Take the entries below and print, exactly, the stretch from the line containing "Lemma distC x" through the line containing "move=> [L HL] x", both included.

Stored items
┌──
(* Let $(\Omega,d)$ be a compact metric space, $F$ a $k$-iterated contraction system on $\Omega$ with contraction ratio $\theta\in(0,1)$ and attractor $\Omega$, and $A:\Omega\to\mathbb{R}$ Lipschitz. Let $\mathscr{L}$ be the transfer operator, $\rho$ its spectral radius on $C(\Omega)$, $h$ a strictly positive Lipschitz function with $\mathscr{L}h=\rho h$, $\mathbb{P}\varphi=\mathscr{L}(h\varphi)/(\rho h)$ the normalized operator and $\mathbb{P}^*$ its dual. Let $C>0$, $\lambda\in(0,1)$ be constants, depending only on $\theta,\operatorname{Lip}(A),\operatorname{diam}\Omega$, such that $W_1((\mathbb{P}^* )^n\mu,(\mathbb{P}^* )^n\nu)\le C\lambda^nW_1(\mu,\nu)$ for all $n\in\mathbb{N}$ and all Borel probability measures $\mu,\nu$ on $\Omega$, and let $\mu$ be the (unique) Borel probability measure with $\mathbb{P}^*\mu=\mu$. Then for every Lipschitz $\zeta:\Omega\to\mathbb{R}$ with $\int\zeta\,d\mu=0$ and every $n\in\mathbb{N}$, \[\|\mathbb{P}^n\zeta\|_\infty+\operatorname{Lip}(\mathbb{P}^n\zeta)\le(1+\operatorname{diam}\Omega)\,C\,\operatorname{Lip}(\zeta)\,\lambda^n.\] Moreover, every strictly positive Lipschitz function $g$ with $\mathscr{L}g=\rho g$ is a constant multiple of $h$.
   Context: A $k$-multiset is an unordered list of $k$ elements with repetitions allowed; sums over it count multiplicities. A $k$-iterated contraction system (ICS) on $\Omega$ with contraction ratio $\theta$ assigns to each $x\in\Omega$ a $k$-multiset $F(x)$ of elements of $\Omega$ such that for all $x,y$ there are enumerations $F(x)=\{x_1,\dots,x_k\}$, $F(y)=\{y_1,\dots,y_k\}$ with $d(x_i,y_i)\le\theta d(x,y)$; attractor $\Omega$ means $\Omega$ is the union of the underlying sets of the $F(x)$. Transfer operator: $\mathscr{L}f(x)=\sum_{y\in F(x)}e^{A(y)}f(y)$. The dual $\mathbb{P}^*$ acts on measures by $\int\varphi\,d(\mathbb{P}^*\mu)=\int\mathbb{P}\varphi\,d\mu$. $W_1$ is the 1-Wasserstein distance: $W_1(\mu,\nu)=\inf_\pi\int d(x,y)\,d\pi$ over couplings $\pi$ of $\mu,\nu$. $\operatorname{Lip}$ denotes the Lipschitz constant. *)

From HB Require Import structures.
From mathcomp Require Import all_boot all_order all_algebra all_fingroup.
From mathcomp Require Import all_classical all_reals all_analysis.
Set Implicit Arguments. Unset Strict Implicit. Unset Printing Implicit Defensive.
Import Order.TTheory GRing.Theory Num.Theory.
Import numFieldNormedType.Exports.
Local Open Scope classical_set_scope.
Local Open Scope ring_scope.

Section MetricDefs.
Variables (R : realType) (T : Type) (dist : T -> T -> R).

Definition is_dmetric : Prop :=
  [/\ (forall x y, 0 <= dist x y),
      (forall x y, dist x y = 0 <-> x = y),
      (forall x y, dist x y = dist y x) &
      (forall x y z, dist x z <= dist x y + dist y z)].

Definition dopen (A : set T) : Prop :=
  forall x, A x -> exists2 e : R, 0 < e & forall y, dist x y < e -> A y.

Definition dcompact : Prop :=
  forall (I : Type) (U : I -> set T), (forall i, dopen (U i)) ->
    (forall x, exists i, U i x) ->
    exists2 J : set I, finite_set J & forall x, exists2 i, J i & U i x.

Definition dcontinuous (f : T -> R) : Prop :=
  forall x (e : R), 0 < e -> exists2 del : R, 0 < del &
    forall y, dist x y < del -> `|f x - f y| < e.

Definition dlipschitz (f : T -> R) : Prop :=
  exists L : R, forall x y, `|f x - f y| <= L * dist x y.

(* Lipschitz constant (0 is included so that the sup is of a nonempty set) *)
Definition dLip (f : T -> R) : R :=
  sup ([set 0] `|` [set r | exists x y, x <> y /\ r = `|f x - f y| / dist x y]).

Definition dsupnorm (f : T -> R) : R :=
  sup ([set 0] `|` [set r | exists x, r = `|f x|]).

Definition ddiam : R := sup ([set 0] `|` [set r | exists x y, r = dist x y]).

Definition dopnorm (L : (T -> R) -> (T -> R)) : R :=
  sup ([set 0] `|` [set r | exists f, [/\ dcontinuous f, dsupnorm f <= 1 & r = dsupnorm (L f)]]).

(* A k-multiset F(x) is represented by an enumeration F x : 'I_k -> T;
   k-iterated contraction system with ratio theta *)
Definition is_ICS (k : nat) (F : T -> 'I_k -> T) (theta : R) : Prop :=
  forall x y, exists s : 'S_k, forall i, dist (F x i) (F y (s i)) <= theta * dist x y.

(* attractor Omega: Omega is the union of the underlying sets of the F(x) *)
Definition has_attractor_all (k : nat) (F : T -> 'I_k -> T) : Prop :=
  forall z, exists x, exists i, F x i = z.

End MetricDefs.

Definition transfer (R : realType) (T : Type) (k : nat) (F : T -> 'I_k -> T)
  (A : T -> R) (f : T -> R) : T -> R :=
  fun x => \sum_(i < k) expR (A (F x i)) * f (F x i).

Definition normalized_op (R : realType) (T : Type) (k : nat) (F : T -> 'I_k -> T)
  (A : T -> R) (h : T -> R) (rho : R) (phi : T -> R) : T -> R :=
  fun x => transfer F A (fun y => h y * phi y) x / (rho * h x).

Section MeasureDefs.
Local Open Scope ereal_scope.
Variables (d0 : measure_display) (T : measurableType d0) (R : realType).
Variable (dist : T -> T -> R).

Definition borel_of_metric : Prop :=
  (measurable : set (set T)) = <<s dopen dist >>.

(* mu' = P^* mu : int phi d mu' = int (P phi) d mu for all phi in C(Omega) *)
Definition is_dual_image (P : (T -> R) -> (T -> R)) (mu mu' : probability T R) : Prop :=
  forall phi : T -> R, dcontinuous dist phi ->
    \int[mu']_x (phi x)%:E = \int[mu]_x (P phi x)%:E.

Definition is_dual_iter (P : (T -> R) -> (T -> R)) (n : nat)
  (mu mun : probability T R) : Prop :=
  exists c : nat -> probability T R,
    [/\ c 0%N = mu, c n = mun &
        forall j, (j < n)%N -> is_dual_image P (c j) (c j.+1)].

Definition dcoupling (mu nu : probability T R) (pi : probability (T * T)%type R) : Prop :=
  forall A : set T, measurable A ->
    pi (A `*` setT) = mu A /\ pi (setT `*` A) = nu A.

Definition W1 (mu nu : probability T R) : \bar R :=
  ereal_inf [set \int[pi]_z (dist z.1 z.2)%:E |
             pi in [set pi : probability (T * T)%type R | dcoupling mu nu pi]].

End MeasureDefs.

(* For Lipschitz [zeta], [P^n zeta x] is the integral of [zeta] against
   (P^* )^n \d_x, which is built explicitly as an iterated mixture of Dirac
   masses.  The easy half of Kantorovich-Rubinstein duality bounds differences
   of such integrals by Lip(zeta) W1, and the assumed contraction of W1 under
   (P^* )^n, with W1(\d_x, \d_y) <= d(x, y) and W1(\d_x, mu) <= diam, gives the
   Lipschitz bound and, since mu is P^*-invariant and [zeta] has mean 0, the sup
   bound.  If [g] is another positive Lipschitz eigenfunction, [g / h] is a
   Lipschitz fixed point of P, so its oscillation is at most C lam^n times a
   constant for every n: it is constant. *)

From HB Require Import structures.
From mathcomp Require Import all_boot all_order all_algebra all_fingroup.
From mathcomp Require Import all_classical all_reals all_analysis.
From mathcomp Require Import ring lra measurable_realfun.
Import Order.TTheory GRing.Theory Num.Theory.
Import numFieldNormedType.Exports HBNNSimple.
Local Open Scope classical_set_scope.
Local Open Scope ring_scope.

Set Implicit Arguments. Unset Strict Implicit. Unset Printing Implicit Defensive.

Section FiniteBounds.
Variables (R : realType) (X : eqType).

Lemma seq_pos_lb (s : seq X) (f : X -> R) : (forall x, 0 < f x) ->
  exists2 m, 0 < m & forall x, x \in s -> m <= f x.
Proof.
move=> fp; elim: s => [|a s [m m0 Hm]]; first by exists 1.
exists (Num.min (f a) m); first by rewrite lt_min fp m0.
move=> x; rewrite in_cons => /orP[/eqP-> | /Hm xm]; first by rewrite ge_min lexx.
by rewrite ge_min xm orbT.
Qed.

Lemma seq_ub (s : seq X) (f : X -> R) : exists M, forall x, x \in s -> f x <= M.
Proof.
elim: s => [|a s [M HM]]; first by exists 0.
exists (Num.max (f a) M) => x; rewrite in_cons => /orP[/eqP-> | /HM xM].
  by rewrite le_max lexx.
by rewrite le_max xM orbT.
Qed.

End FiniteBounds.

Section MetricSpace.
Variables (R : realType) (T : pointedType) (dist : T -> T -> R).
Hypothesis hm : is_dmetric dist.

Lemma dist_ge0 x y : 0 <= dist x y. Proof. by case: hm. Qed.
Lemma distC x y : dist x y = dist y x. Proof. by case: hm. Qed.
Lemma dist_triangle x y z : dist x z <= dist x y + dist y z. Proof. by case: hm. Qed.
Lemma dist_xx x : dist x x = 0. Proof. by case: hm => _ H _ _; apply/H. Qed.

Lemma dist_gt0 x y : x <> y -> 0 < dist x y.
Proof.
move=> xy; rewrite lt_neqAle dist_ge0 andbT; apply/eqP => /esym.
by case: hm => _ H _ _ /H.
Qed.

Lemma lipschitz_continuous f : dlipschitz dist f -> dcontinuous dist f.
Proof.
move=> [L HL] x e e0; exists (e / (`|L| + 1)).
  by apply: divr_gt0 => //; rewrite ltr_wpDl.
move=> y dy; have dxy := dist_ge0 x y.
have H1 : dist x y * (`|L| + 1) < e by rewrite -ltr_pdivlMr // ltr_wpDl.
have := HL x y; have := ler_norm L; nra.
Qed.

Lemma dist_continuous x0 : dcontinuous dist (dist x0).
Proof.
apply: lipschitz_continuous; exists 1 => x y; rewrite mul1r ler_norml.
have := dist_triangle x0 x y; have := dist_triangle x0 y x; rewrite (distC y x).
lra.
Qed.

Lemma dLip_ge0 f : dlipschitz dist f -> 0 <= dLip dist f.
Proof.
move=> [L HL]; apply: sup_upper_bound; last by left.
split; first by exists 0; left.
exists (Num.max L 0) => r [-> | [a [b [ab ->]]]]; first by rewrite le_max lexx orbT.
by rewrite le_max ler_pdivrMr ?HL ?dist_gt0.
Qed.

Lemma dLipP f : dlipschitz dist f -> forall x y, `|f x - f y| <= dLip dist f * dist x y.
Proof.
move=> fl x y; have [<-|xy] := pselect (x = y).
  by rewrite subrr normr0 dist_xx mulr0.
rewrite -ler_pdivrMr ?dist_gt0 //; apply: sup_upper_bound; last by right; exists x, y.
split; first by exists 0; left.
have [L HL] := fl; exists (Num.max L 0) => r [-> | [a [b [ab ->]]]].
  by rewrite le_max lexx orbT.
by rewrite le_max ler_pdivrMr ?HL ?dist_gt0.
Qed.

Lemma dLip_le f L : 0 <= L -> (forall x y, `|f x - f y| <= L * dist x y) ->
  dLip dist f <= L.
Proof.
move=> L0 HL; apply: ge_sup; first by exists 0; left.
by move=> r [-> // | [a [b [ab ->]]]]; rewrite ler_pdivrMr ?dist_gt0.
Qed.

Lemma dsupnorm_le (f : T -> R) M : 0 <= M -> (forall x, `|f x| <= M) -> dsupnorm f <= M.
Proof.
move=> M0 HM; apply: ge_sup; first by exists 0; left.
by move=> r [-> // | [a ->]].
Qed.

Section Compact.
Hypothesis hc : dcompact dist.

Lemma compact_cover (f c : T -> R) : dcontinuous dist f -> (forall x, 0 < c x) ->
  exists s : seq T, forall y, exists2 x, x \in s & `|f y - f x| < c x.
Proof.
move=> fc c0; pose U x := [set y | `|f y - f x| < c x].
have U_open x : dopen dist (U x).
  move=> y /= Uy; have e0 : 0 < c x - `|f y - f x| by rewrite subr_gt0.
  have [del del0 Hd] := fc y _ e0; exists del => // z /Hd fyz.
  have : `|f z - f x| <= `|f y - f z| + `|f y - f x|.
    rewrite (_ : f z - f x = - (f y - f z) + (f y - f x)); last by ring.
    by rewrite (le_trans (ler_normD _ _)) ?normrN.
  rewrite /U /=; lra.
have U_cover x : exists i, U i x by exists x; rewrite /U /= subrr normr0.
have [J fJ HJ] := hc U_open U_cover.
exists (finmap.enum_fset (fset_set J)) => y; have [x Jx Ux] := HJ y.
by exists x => //; rewrite in_fset_set // inE.
Qed.

Lemma continuous_bounded f : dcontinuous dist f -> exists M, forall y, `|f y| <= M.
Proof.
move=> fc; have [s Hs] := compact_cover fc (fun _ => ltr01).
have [M HM] := seq_ub s (fun x => `|f x|); exists (M + 1) => y.
have [x xs fxy] := Hs y; have := HM x xs.
have : `|f y| <= `|f y - f x| + `|f x| by rewrite (le_trans _ (ler_normD _ _)) // subrK.
lra.
Qed.

Lemma continuous_pos_lb f : dcontinuous dist f -> (forall x, 0 < f x) ->
  exists2 m, 0 < m & forall y, m <= f y.
Proof.
move=> fc fp; have [s Hs] := compact_cover fc (fun x => divr_gt0 (fp x) (ltr0n _ 2)).
have [m m0 Hm] := seq_pos_lb s fp; exists (m / 2) => [|y]; first exact: divr_gt0.
have [x xs fxy] := Hs y; have := Hm x xs; have := ler_norm (f x - f y).
rewrite distrC; lra.
Qed.

Lemma dist_le_ddiam x y : dist x y <= ddiam dist.
Proof.
have [M HM] := continuous_bounded (dist_continuous x).
apply: sup_upper_bound; last by right; exists x, y.
split; first by exists 0; left.
exists (M + M) => r [-> | [a [b ->]]].
  by have := HM x; have := normr_ge0 (dist x x); lra.
have := dist_triangle a x b; rewrite (distC a x).
have := HM a; have := HM b; rewrite !ger0_norm ?dist_ge0 //; lra.
Qed.

Lemma ddiam_ge0 : 0 <= ddiam dist.
Proof. by rewrite (le_trans _ (dist_le_ddiam point point)) ?dist_ge0. Qed.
└──
◆ Solution to this exercise ◆
Lemma distC x y : dist x y = dist y x. Proof. by case: hm. Qed.
Lemma dist_triangle x y z : dist x z <= dist x y + dist y z. Proof. by case: hm. Qed.
Lemma dist_xx x : dist x x = 0. Proof. by case: hm => _ H _ _; apply/H. Qed.

Lemma dist_gt0 x y : x <> y -> 0 < dist x y.
Proof.
move=> xy; rewrite lt_neqAle dist_ge0 andbT; apply/eqP => /esym.
by case: hm => _ H _ _ /H.
Qed.

Lemma lipschitz_continuous f : dlipschitz dist f -> dcontinuous dist f.
Proof.
move=> [L HL] x e e0; exists (e / (`|L| + 1)).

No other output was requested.